I should explain. At the end of the fifteenth century Aldo Manuzio set up a printing press in Venice. The typefaces he had cut for his books revolutionised printing. Before, printed books looked like the hand-written books they had succeeded, with thick black lettering that modern readers struggle to decipher. His Aldine Press produced books with light, legible typefaces that still look familiar and readable, centuries later.

Around the corner from the Piazza, the library entry hall sported a big sign in Italian and English: the library is not open to visitors. One of my proudest moments: I used my toilet-and-restaurant Italian to blag a reader’s ticket, on the strength of my declaration that I was a student of digital typography. I spent the day in the library poring through old books. Miki, a photographer, wandered the city making pictures. We met for lunch.
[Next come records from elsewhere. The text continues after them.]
(* Let $X$ be a Banach space and $J\subset X$ a closed subspace such that $(X,J)$ has the CQLP, and let $\pi:X\to X/J$ be the quotient map. Let $(x_n)_{n\ge1}\subset X$ be such that $(\pi(x_n))_{n\ge1}$ is a relatively compact sequence in $X/J$. Then there is a relatively compact sequence $(z_n)_{n\ge1}\subset X$ with $\pi(z_n)=\pi(x_n)$ for all $n$ and $\sup_n\|z_n\|=\sup_n\|\pi(x_n)\|$.
   Context: The pair $(X,J)$ has the compact quotient lifting property (CQLP) if for every Banach space $Z$ and every compact linear operator $T:Z\to X/J$ there is a compact linear operator $S:Z\to X$ with $\pi\circ S=T$ and $\|S\|=\|T\|$. *)

From HB Require Import structures.
From mathcomp Require Import all_boot all_order all_algebra.
From mathcomp Require Import all_classical all_reals all_analysis.
Set Implicit Arguments. Unset Strict Implicit. Unset Printing Implicit Defensive.
Import Order.TTheory GRing.Theory Num.Theory.
Import numFieldNormedType.Exports.
Local Open Scope classical_set_scope.
Local Open Scope ring_scope.

Definition rel_compact (T : topologicalType) (A : set T) : Prop :=
  compact (closure A).

Definition is_subspace (R : realType) (X : normedModType R) (J : set X) : Prop :=
  J 0 /\ (forall a b, J a -> J b -> J (a + b)) /\ (forall (k : R) a, J a -> J (k *: a)).

Definition opnorm (R : realType) (Z Y : normedModType R) (T : Z -> Y) : \bar R :=
  ereal_sup [set (`|T z|)%:E | z in closed_ball (0 : Z) 1].

Definition compact_op (R : realType) (Z Y : normedModType R) (T : Z -> Y) : Prop :=
  rel_compact (T @` closed_ball (0 : Z) 1).

(* pi : X -> Q is (a realization of) the quotient map X -> X/J: a surjective
   linear map with kernel J such that Q carries the quotient norm
   ||pi x|| = inf_{j in J} ||x - j||.  This determines (Q, pi) up to
   isometric isomorphism as X/J with its canonical projection. *)
Definition is_quotient_map (R : realType) (X Q : normedModType R)
    (J : set X) (pi : {linear X -> Q}) : Prop :=
  (forall q : Q, exists x : X, pi x = q) /\
  (forall x : X, pi x = 0 <-> J x) /\
  (forall x : X, (`|pi x|)%:E = ereal_inf [set (`|x - j|)%:E | j in J]).

Definition CQLP (R : realType) (X Q : normedModType R) (pi : {linear X -> Q}) : Prop :=
  forall (Z : completeNormedModType R) (T : {linear Z -> Q}),
    compact_op T ->
    exists S : {linear Z -> X},
      compact_op S /\ (forall z : Z, pi (S z) = T z) /\ opnorm S = opnorm T.

(* Put q n := pi (x n).  Since (q n) is bounded, a |-> \sum_n a n *: q n is an
   operator T from l^1 to X/J with ||T|| <= sup_n ||q n|| and T e_n = q n.  It is
   compact because (q n) is relatively compact: replacing each q n by a point of a
   finite e-net moves T a by at most e ||a||, and lands in the image of a ball of a
   finite-dimensional space.  The CQLP lifts T to a compact S with ||S|| = ||T||, and
   z n := S e_n does the job: the z n lie in the relatively compact S(ball),
   pi (z n) = q n, and ||q n|| <= ||z n|| <= ||S|| <= sup_n ||q n||. *)

From HB Require Import structures.
From mathcomp Require Import all_boot all_order all_algebra.
From mathcomp Require Import all_classical all_reals all_analysis.
Set Implicit Arguments. Unset Strict Implicit. Unset Printing Implicit Defensive.
Import Order.TTheory GRing.Theory Num.Theory.
Import numFieldNormedType.Exports.
Local Open Scope classical_set_scope.
Local Open Scope ring_scope.

Lemma closed_unit_ballE {R : realType} {V : normedModType R} (z : V) :
  closed_ball 0 1 z = (`|z| <= 1).
Proof. by rewrite closed_ballE // /closed_ball_ /= sub0r normrN. Qed.

Lemma cauchy_near_dist {R : realType} {V : normedModType R} (F : set_system V) :
  Filter F -> cauchy F ->
  forall e, 0 < e -> \forall a \near F, \forall b \near F, `|a - b| < e.
Proof.
move=> FF /cauchy_ballP Fc e e0.
have [[A B] /= [FA FB] AB] := Fc e e0.
apply: filterS FA => a Aa; apply: filterS FB => b Bb.
by have := AB (a, b) (conj Aa Bb); rewrite -ball_normE.
Qed.

Section ell1.
Context {R : realType}.
Implicit Types (a b : nat -> R) (N : nat).

Definition abs_psum a N : R := \sum_(n < N) `|a n|.

Definition abs_summable : {pred nat -> R} :=
  fun a => `[< exists M, forall N, abs_psum a N <= M >].

Lemma abs_psum_ge0 a N : 0 <= abs_psum a N.
Proof. exact: sumr_ge0. Qed.

Lemma abs_psumD_le a b N : abs_psum (a + b) N <= abs_psum a N + abs_psum b N.
Proof. by rewrite /abs_psum -big_split; apply: ler_sum => i _; exact: ler_normD. Qed.

Lemma abs_psumZ (k : R) a N : abs_psum (k *: a) N = `|k| * abs_psum a N.
Proof. by rewrite /abs_psum mulr_sumr; apply: eq_bigr => i _; rewrite normrZ. Qed.

Lemma abs_summable_submod_closed : submod_closed abs_summable.
Proof.
split.
  by apply/asboolP; exists 0 => N; rewrite /abs_psum big1 // => i _; rewrite normr0.
move=> k a b /asboolP[Ma Ha] /asboolP[Mb Hb]; apply/asboolP.
exists (`|k| * Ma + Mb) => N; apply: le_trans (abs_psumD_le _ _ _) _.
by rewrite abs_psumZ lerD // ler_wpM2l.
Qed.

HB.instance Definition _ := GRing.isSubmodClosed.Build R (nat -> R) abs_summable
  abs_summable_submod_closed.

Record ell1 := Ell1 { ell1_seq :> nat -> R; _ : ell1_seq \in abs_summable }.

HB.instance Definition _ := [isSub for ell1_seq].
HB.instance Definition _ := [Choice of ell1 by <:].
HB.instance Definition _ := [SubChoice_isSubZmodule of ell1 by <:].
HB.instance Definition _ := [SubZmodule_isSubLmodule of ell1 by <:].

Lemma ell1_summable (a : ell1) : exists M, forall N, abs_psum a N <= M.
Proof. by case: a => a /= /asboolP. Qed.

Definition ell1_norm (a : ell1) : R := sup (range (abs_psum a)).

Lemma abs_psum_le_ell1_norm (a : ell1) N : abs_psum a N <= ell1_norm a.
Proof.
apply: ub_le_sup; last by exists N.
by have [M HM] := ell1_summable a; exists M => _ [K _ <-].
Qed.

Lemma ell1_norm_le (a : ell1) M : (forall N, abs_psum a N <= M) -> ell1_norm a <= M.
Proof. by move=> aM; apply: ge_sup => [|_ [N _ <-]]; [exists (abs_psum a 0), 0|]. Qed.

Lemma ell1_norm_ge0 (a : ell1) : 0 <= ell1_norm a.
Proof. exact: le_trans (abs_psum_ge0 _ 0) (abs_psum_le_ell1_norm _ 0). Qed.

Lemma ell1_normD (a b : ell1) : ell1_norm (a + b) <= ell1_norm a + ell1_norm b.
Proof.
apply: ell1_norm_le => N; apply: le_trans (abs_psumD_le _ _ _) _.
by rewrite lerD ?abs_psum_le_ell1_norm.
Qed.

Lemma ell1_normZ (k : R) (a : ell1) : ell1_norm (k *: a) = `|k| * ell1_norm a.
Proof.
have psumZ N : abs_psum (k *: a) N = `|k| * abs_psum a N by rewrite -abs_psumZ.
apply/eqP; rewrite eq_le; apply/andP; split.
  by apply: ell1_norm_le => N; rewrite psumZ ler_wpM2l ?abs_psum_le_ell1_norm.
have [->|k0] := eqVneq k 0; first by rewrite normr0 mul0r ell1_norm_ge0.
rewrite -ler_pdivlMl ?normr_gt0 //; apply: ell1_norm_le => N.
by rewrite ler_pdivlMl ?normr_gt0 // -psumZ abs_psum_le_ell1_norm.
Qed.

Lemma abs_psum_ge_normr (a : nat -> R) n : `|a n| <= abs_psum a n.+1.
Proof. by rewrite /abs_psum big_ord_recr /= lerDr abs_psum_ge0. Qed.

Lemma ell1_norm_eq0 (a : ell1) : ell1_norm a = 0 -> a = 0.
Proof.
move=> a0; apply/val_inj/funext => n; apply/normr0_eq0/le_anti.
by rewrite normr_ge0 andbT -a0 (le_trans (abs_psum_ge_normr _ _)) ?abs_psum_le_ell1_norm.
Qed.

HB.instance Definition _ :=
  Lmodule_isNormed.Build R ell1 ell1_normD ell1_normZ ell1_norm_eq0.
Over dinner I enthused about what I had found, and what a great day I had had.

And so I discovered how I really like to travel: to have some work to do, to which the location is a backdrop, experienced obliquely. We should come back, I thought. I’ll rent a big apartment for a week or three. I’ll bring some colleagues. We’ll each bring our own work to do; go out for lunch and dinner. So much to learn and share, so much better than formal presentations at conferences. Maybe time to do a little work together.

Array programmers tend to be somewhat scattered. As a young man I’d worked in offices and learned most of what I knew from the people around me. I missed that.

Trinity Hall
Trinity Hall

I pitched the idea to Arthur, who thought it sounded fun. But it seemed a lot of trouble to arrange and I did nothing until I attended the XML Summer School in Oxford and saw my way. I booked 20 rooms at Trinity Hall in Cambridge and invited Arthur and other colleagues to bring their work, and come and live with me like students for a week. We had a common work room and a private dining room. We called the event Iverson College.

We were APL, J, and q developers and implementors; veterans and also some youngsters who showed promise. We had lots to talk about, and there were frequent requests for someone to present to the whole group. We did not need a programme. We were the programme. We had guests from Microsoft Research, interested to hear what was happening in the array languages.

Morning work session, Lucca, 2017
Morning work session, Lucca, 2017

Brooke Allen told me: Work every day except play days. So we had one day as a play day, hired punts and took picnics up the river to swim at Grantchester Meadows in the waters where Russell, Wittgenstein, and Rupert Brooke had all bathed.

The event was a success. Several participants declared it better than any conference. So we did it again – at Trinity Hall in Cambridge, at St Edward Hall in Oxford, at a manor house in the Cotswolds, at a farm with a Tudor barn in Suffolk, and once in a villa in Tuscany. The last event before the Covid pandemic, in 2018, we offered a weekend ‘masterclass’ to anyone willing to bring a laptop and sleeping bag and sleep over in the bunkhouse.

It’s hard to know whether the pandemic will permit another such event. And as the extreme weather events worsen from year to year, I find it hard to imagine taking a plane flight that I could avoid – or asking anyone else to do so.

The pandemic has taught us so much about working and relating remotely.

There is a style of coding suitable to the array languages that is strange to coders familiar with C-like languages.

As the community of developers using Iversonian array languages continues to grow and is less concentrated in specialist teams in bank trading rooms, I’m thinking about in what form Iverson College can offer support and encouragement.

Kudos to Adám Brudzewsky of Dyalog, a fellow of the college, for the APL Orchard chatroom and the APL Farm on Discord.


Comment

Arthur Whitney
Arthur Whitney

A reader writes:

It made it possible for a lot of people to meet and talk to Arthur, Roger, and the mythical Mr Scholes who would never have managed otherwise and that has done a lot to make sure that there’s a fresh generation of array programmers on the way – who knows who’ll be the next leading lights?